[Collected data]
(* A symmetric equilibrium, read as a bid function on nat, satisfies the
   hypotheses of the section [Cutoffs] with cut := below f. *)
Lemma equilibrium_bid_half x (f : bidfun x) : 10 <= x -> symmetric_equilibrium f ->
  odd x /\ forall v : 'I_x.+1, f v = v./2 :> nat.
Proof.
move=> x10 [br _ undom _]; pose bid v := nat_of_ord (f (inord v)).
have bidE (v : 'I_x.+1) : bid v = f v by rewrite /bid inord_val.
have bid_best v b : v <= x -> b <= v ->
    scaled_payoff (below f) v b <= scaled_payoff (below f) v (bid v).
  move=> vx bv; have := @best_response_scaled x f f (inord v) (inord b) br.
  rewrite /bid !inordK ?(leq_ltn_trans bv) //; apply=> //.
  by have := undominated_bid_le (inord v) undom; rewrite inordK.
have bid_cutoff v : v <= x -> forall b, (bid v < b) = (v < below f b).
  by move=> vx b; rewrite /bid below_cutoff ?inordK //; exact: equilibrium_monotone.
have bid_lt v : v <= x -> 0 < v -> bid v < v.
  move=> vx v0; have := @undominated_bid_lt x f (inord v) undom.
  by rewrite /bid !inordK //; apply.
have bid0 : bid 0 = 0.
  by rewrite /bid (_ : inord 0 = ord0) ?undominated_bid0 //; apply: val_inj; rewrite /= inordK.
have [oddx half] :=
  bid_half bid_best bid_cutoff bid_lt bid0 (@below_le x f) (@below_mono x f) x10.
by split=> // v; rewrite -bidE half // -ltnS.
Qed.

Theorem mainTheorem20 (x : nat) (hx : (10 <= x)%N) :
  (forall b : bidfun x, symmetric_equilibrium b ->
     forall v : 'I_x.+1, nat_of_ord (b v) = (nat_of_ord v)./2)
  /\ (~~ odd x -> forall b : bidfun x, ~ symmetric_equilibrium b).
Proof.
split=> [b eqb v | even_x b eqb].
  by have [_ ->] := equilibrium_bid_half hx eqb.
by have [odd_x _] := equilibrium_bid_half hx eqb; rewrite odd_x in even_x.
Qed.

...

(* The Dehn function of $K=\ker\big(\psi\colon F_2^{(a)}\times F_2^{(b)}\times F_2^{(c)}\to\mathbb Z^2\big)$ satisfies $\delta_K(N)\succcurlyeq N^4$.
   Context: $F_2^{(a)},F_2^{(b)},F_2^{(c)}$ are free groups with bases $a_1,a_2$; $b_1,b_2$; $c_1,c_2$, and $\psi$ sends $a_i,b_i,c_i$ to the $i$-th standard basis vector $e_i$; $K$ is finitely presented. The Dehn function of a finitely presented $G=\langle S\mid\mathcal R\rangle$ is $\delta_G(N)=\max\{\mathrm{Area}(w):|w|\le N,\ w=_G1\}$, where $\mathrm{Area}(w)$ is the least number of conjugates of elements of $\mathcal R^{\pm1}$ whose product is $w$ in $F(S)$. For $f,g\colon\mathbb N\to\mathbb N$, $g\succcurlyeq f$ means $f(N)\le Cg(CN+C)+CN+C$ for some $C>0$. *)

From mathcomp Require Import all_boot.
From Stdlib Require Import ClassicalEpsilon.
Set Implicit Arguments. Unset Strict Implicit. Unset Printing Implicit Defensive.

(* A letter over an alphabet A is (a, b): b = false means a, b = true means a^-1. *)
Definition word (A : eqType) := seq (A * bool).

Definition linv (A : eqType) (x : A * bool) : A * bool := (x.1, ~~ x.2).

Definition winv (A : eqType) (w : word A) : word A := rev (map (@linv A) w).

**What needs to be done:** Return exactly, and only, the lines above starting at the line that contains "have bid0 : bid 0 = 0." and ending at the line that contains "forall v : 'I_x.+1, nat_of_ord".

**Result:**
have bid0 : bid 0 = 0.
  by rewrite /bid (_ : inord 0 = ord0) ?undominated_bid0 //; apply: val_inj; rewrite /= inordK.
have [oddx half] :=
  bid_half bid_best bid_cutoff bid_lt bid0 (@below_le x f) (@below_mono x f) x10.
by split=> // v; rewrite -bidE half // -ltnS.
Qed.

Theorem mainTheorem20 (x : nat) (hx : (10 <= x)%N) :
  (forall b : bidfun x, symmetric_equilibrium b ->
     forall v : 'I_x.+1, nat_of_ord (b v) = (nat_of_ord v)./2)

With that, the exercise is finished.